The entries are to be output in full, word for word.

== Segment start ==

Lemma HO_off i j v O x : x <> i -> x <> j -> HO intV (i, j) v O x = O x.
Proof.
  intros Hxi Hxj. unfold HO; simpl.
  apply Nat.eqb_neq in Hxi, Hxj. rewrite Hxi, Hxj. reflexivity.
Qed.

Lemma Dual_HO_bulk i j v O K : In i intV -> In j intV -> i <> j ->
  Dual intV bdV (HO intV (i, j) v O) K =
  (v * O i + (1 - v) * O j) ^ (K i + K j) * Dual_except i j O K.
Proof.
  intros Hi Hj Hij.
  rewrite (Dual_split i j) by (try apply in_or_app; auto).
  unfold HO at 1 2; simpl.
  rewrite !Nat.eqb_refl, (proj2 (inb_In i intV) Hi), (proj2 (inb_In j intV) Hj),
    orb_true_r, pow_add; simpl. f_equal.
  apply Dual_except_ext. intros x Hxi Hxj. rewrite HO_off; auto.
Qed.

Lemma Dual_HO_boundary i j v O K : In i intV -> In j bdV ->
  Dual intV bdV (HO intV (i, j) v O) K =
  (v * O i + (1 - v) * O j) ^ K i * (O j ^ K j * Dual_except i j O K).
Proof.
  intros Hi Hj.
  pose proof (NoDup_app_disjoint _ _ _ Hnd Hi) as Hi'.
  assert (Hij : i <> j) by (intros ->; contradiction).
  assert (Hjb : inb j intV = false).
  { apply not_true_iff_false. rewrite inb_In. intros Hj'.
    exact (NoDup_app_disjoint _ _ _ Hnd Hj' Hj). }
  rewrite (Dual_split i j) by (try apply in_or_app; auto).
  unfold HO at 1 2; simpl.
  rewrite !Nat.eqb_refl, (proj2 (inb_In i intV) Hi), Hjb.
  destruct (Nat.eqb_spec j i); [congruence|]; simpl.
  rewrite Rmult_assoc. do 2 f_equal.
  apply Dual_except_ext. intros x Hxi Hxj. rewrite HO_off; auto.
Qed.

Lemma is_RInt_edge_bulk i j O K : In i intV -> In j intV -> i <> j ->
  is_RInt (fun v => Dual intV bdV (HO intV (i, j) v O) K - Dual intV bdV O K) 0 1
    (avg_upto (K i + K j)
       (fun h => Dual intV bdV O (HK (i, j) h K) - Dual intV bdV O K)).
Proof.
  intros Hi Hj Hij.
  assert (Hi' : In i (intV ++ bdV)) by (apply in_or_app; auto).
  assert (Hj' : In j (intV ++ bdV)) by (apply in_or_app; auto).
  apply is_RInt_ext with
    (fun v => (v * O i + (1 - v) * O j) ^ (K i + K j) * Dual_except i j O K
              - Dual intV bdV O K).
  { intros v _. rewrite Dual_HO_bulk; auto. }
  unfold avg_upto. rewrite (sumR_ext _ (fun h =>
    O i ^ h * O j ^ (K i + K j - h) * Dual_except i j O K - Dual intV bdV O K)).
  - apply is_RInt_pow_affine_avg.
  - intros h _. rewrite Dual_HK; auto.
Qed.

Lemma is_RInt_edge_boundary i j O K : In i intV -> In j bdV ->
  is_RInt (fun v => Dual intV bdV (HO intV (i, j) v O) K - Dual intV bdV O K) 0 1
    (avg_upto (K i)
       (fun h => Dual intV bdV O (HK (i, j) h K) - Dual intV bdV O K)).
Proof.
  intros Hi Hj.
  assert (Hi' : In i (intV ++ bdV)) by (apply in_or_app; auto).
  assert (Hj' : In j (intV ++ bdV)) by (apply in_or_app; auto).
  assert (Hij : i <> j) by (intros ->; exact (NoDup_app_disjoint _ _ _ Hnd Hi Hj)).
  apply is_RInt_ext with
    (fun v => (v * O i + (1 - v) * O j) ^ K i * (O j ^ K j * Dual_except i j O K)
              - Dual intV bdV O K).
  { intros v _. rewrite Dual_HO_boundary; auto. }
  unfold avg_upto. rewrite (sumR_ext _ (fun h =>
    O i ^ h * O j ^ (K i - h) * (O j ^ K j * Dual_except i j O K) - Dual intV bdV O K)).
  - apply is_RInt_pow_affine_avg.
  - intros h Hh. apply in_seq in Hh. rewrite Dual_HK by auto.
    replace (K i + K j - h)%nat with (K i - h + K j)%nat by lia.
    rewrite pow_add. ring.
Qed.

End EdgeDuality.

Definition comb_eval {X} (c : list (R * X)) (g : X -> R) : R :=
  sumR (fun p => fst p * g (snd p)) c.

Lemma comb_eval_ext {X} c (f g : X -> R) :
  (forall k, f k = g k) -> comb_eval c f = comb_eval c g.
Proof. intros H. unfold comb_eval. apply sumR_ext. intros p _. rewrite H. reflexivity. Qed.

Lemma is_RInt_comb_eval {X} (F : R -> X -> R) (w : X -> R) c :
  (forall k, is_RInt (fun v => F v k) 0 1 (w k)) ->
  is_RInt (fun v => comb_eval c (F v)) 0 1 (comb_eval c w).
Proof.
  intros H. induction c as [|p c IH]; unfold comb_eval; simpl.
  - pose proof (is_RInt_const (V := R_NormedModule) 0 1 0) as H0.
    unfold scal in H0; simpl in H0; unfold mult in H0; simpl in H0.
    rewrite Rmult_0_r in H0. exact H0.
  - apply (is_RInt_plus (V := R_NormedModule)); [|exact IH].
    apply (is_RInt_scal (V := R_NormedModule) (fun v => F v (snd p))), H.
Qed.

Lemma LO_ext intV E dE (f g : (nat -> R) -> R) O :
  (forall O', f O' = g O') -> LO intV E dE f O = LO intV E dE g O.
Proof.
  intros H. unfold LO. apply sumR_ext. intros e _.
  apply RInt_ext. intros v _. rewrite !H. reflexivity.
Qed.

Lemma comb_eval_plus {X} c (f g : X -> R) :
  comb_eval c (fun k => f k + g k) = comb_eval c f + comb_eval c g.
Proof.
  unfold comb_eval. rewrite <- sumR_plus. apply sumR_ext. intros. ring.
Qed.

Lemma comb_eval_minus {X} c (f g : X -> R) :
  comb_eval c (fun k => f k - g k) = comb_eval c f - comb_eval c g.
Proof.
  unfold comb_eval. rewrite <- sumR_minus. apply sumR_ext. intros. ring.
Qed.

== Segment end ==

**TASK RESULT:**
Lemma HO_off i j v O x : x <> i -> x <> j -> HO intV (i, j) v O x = O x.
Proof.
  intros Hxi Hxj. unfold HO; simpl.
  apply Nat.eqb_neq in Hxi, Hxj. rewrite Hxi, Hxj. reflexivity.
Qed.

Lemma Dual_HO_bulk i j v O K : In i intV -> In j intV -> i <> j ->
  Dual intV bdV (HO intV (i, j) v O) K =
  (v * O i + (1 - v) * O j) ^ (K i + K j) * Dual_except i j O K.
Proof.
  intros Hi Hj Hij.
  rewrite (Dual_split i j) by (try apply in_or_app; auto).
  unfold HO at 1 2; simpl.
  rewrite !Nat.eqb_refl, (proj2 (inb_In i intV) Hi), (proj2 (inb_In j intV) Hj),
    orb_true_r, pow_add; simpl. f_equal.
  apply Dual_except_ext. intros x Hxi Hxj. rewrite HO_off; auto.
Qed.

Lemma Dual_HO_boundary i j v O K : In i intV -> In j bdV ->
  Dual intV bdV (HO intV (i, j) v O) K =
  (v * O i + (1 - v) * O j) ^ K i * (O j ^ K j * Dual_except i j O K).
Proof.
  intros Hi Hj.
  pose proof (NoDup_app_disjoint _ _ _ Hnd Hi) as Hi'.
  assert (Hij : i <> j) by (intros ->; contradiction).
  assert (Hjb : inb j intV = false).
  { apply not_true_iff_false. rewrite inb_In. intros Hj'.
    exact (NoDup_app_disjoint _ _ _ Hnd Hj' Hj). }
  rewrite (Dual_split i j) by (try apply in_or_app; auto).
  unfold HO at 1 2; simpl.
  rewrite !Nat.eqb_refl, (proj2 (inb_In i intV) Hi), Hjb.
  destruct (Nat.eqb_spec j i); [congruence|]; simpl.
  rewrite Rmult_assoc. do 2 f_equal.
  apply Dual_except_ext. intros x Hxi Hxj. rewrite HO_off; auto.
Qed.

Lemma is_RInt_edge_bulk i j O K : In i intV -> In j intV -> i <> j ->
  is_RInt (fun v => Dual intV bdV (HO intV (i, j) v O) K - Dual intV bdV O K) 0 1
    (avg_upto (K i + K j)
       (fun h => Dual intV bdV O (HK (i, j) h K) - Dual intV bdV O K)).
Proof.
  intros Hi Hj Hij.
  assert (Hi' : In i (intV ++ bdV)) by (apply in_or_app; auto).
  assert (Hj' : In j (intV ++ bdV)) by (apply in_or_app; auto).
  apply is_RInt_ext with
    (fun v => (v * O i + (1 - v) * O j) ^ (K i + K j) * Dual_except i j O K
              - Dual intV bdV O K).
  { intros v _. rewrite Dual_HO_bulk; auto. }
  unfold avg_upto. rewrite (sumR_ext _ (fun h =>
    O i ^ h * O j ^ (K i + K j - h) * Dual_except i j O K - Dual intV bdV O K)).
  - apply is_RInt_pow_affine_avg.
  - intros h _. rewrite Dual_HK; auto.
Qed.

Lemma is_RInt_edge_boundary i j O K : In i intV -> In j bdV ->
  is_RInt (fun v => Dual intV bdV (HO intV (i, j) v O) K - Dual intV bdV O K) 0 1
    (avg_upto (K i)
       (fun h => Dual intV bdV O (HK (i, j) h K) - Dual intV bdV O K)).
Proof.
  intros Hi Hj.
  assert (Hi' : In i (intV ++ bdV)) by (apply in_or_app; auto).
  assert (Hj' : In j (intV ++ bdV)) by (apply in_or_app; auto).
  assert (Hij : i <> j) by (intros ->; exact (NoDup_app_disjoint _ _ _ Hnd Hi Hj)).
  apply is_RInt_ext with
    (fun v => (v * O i + (1 - v) * O j) ^ K i * (O j ^ K j * Dual_except i j O K)
              - Dual intV bdV O K).
  { intros v _. rewrite Dual_HO_boundary; auto. }
  unfold avg_upto. rewrite (sumR_ext _ (fun h =>
    O i ^ h * O j ^ (K i - h) * (O j ^ K j * Dual_except i j O K) - Dual intV bdV O K)).
  - apply is_RInt_pow_affine_avg.
  - intros h Hh. apply in_seq in Hh. rewrite Dual_HK by auto.
    replace (K i + K j - h)%nat with (K i - h + K j)%nat by lia.
    rewrite pow_add. ring.
Qed.

End EdgeDuality.

Definition comb_eval {X} (c : list (R * X)) (g : X -> R) : R :=
  sumR (fun p => fst p * g (snd p)) c.

Lemma comb_eval_ext {X} c (f g : X -> R) :
  (forall k, f k = g k) -> comb_eval c f = comb_eval c g.
Proof. intros H. unfold comb_eval. apply sumR_ext. intros p _. rewrite H. reflexivity. Qed.

Lemma is_RInt_comb_eval {X} (F : R -> X -> R) (w : X -> R) c :
  (forall k, is_RInt (fun v => F v k) 0 1 (w k)) ->
  is_RInt (fun v => comb_eval c (F v)) 0 1 (comb_eval c w).
Proof.
  intros H. induction c as [|p c IH]; unfold comb_eval; simpl.
  - pose proof (is_RInt_const (V := R_NormedModule) 0 1 0) as H0.
    unfold scal in H0; simpl in H0; unfold mult in H0; simpl in H0.
    rewrite Rmult_0_r in H0. exact H0.
  - apply (is_RInt_plus (V := R_NormedModule)); [|exact IH].
    apply (is_RInt_scal (V := R_NormedModule) (fun v => F v (snd p))), H.
Qed.

Lemma LO_ext intV E dE (f g : (nat -> R) -> R) O :
  (forall O', f O' = g O') -> LO intV E dE f O = LO intV E dE g O.
Proof.
  intros H. unfold LO. apply sumR_ext. intros e _.
  apply RInt_ext. intros v _. rewrite !H. reflexivity.
Qed.

Lemma comb_eval_plus {X} c (f g : X -> R) :
  comb_eval c (fun k => f k + g k) = comb_eval c f + comb_eval c g.
Proof.
  unfold comb_eval. rewrite <- sumR_plus. apply sumR_ext. intros. ring.
Qed.

Lemma comb_eval_minus {X} c (f g : X -> R) :
  comb_eval c (fun k => f k - g k) = comb_eval c f - comb_eval c g.
Proof.
  unfold comb_eval. rewrite <- sumR_minus. apply sumR_ext. intros. ring.
Qed.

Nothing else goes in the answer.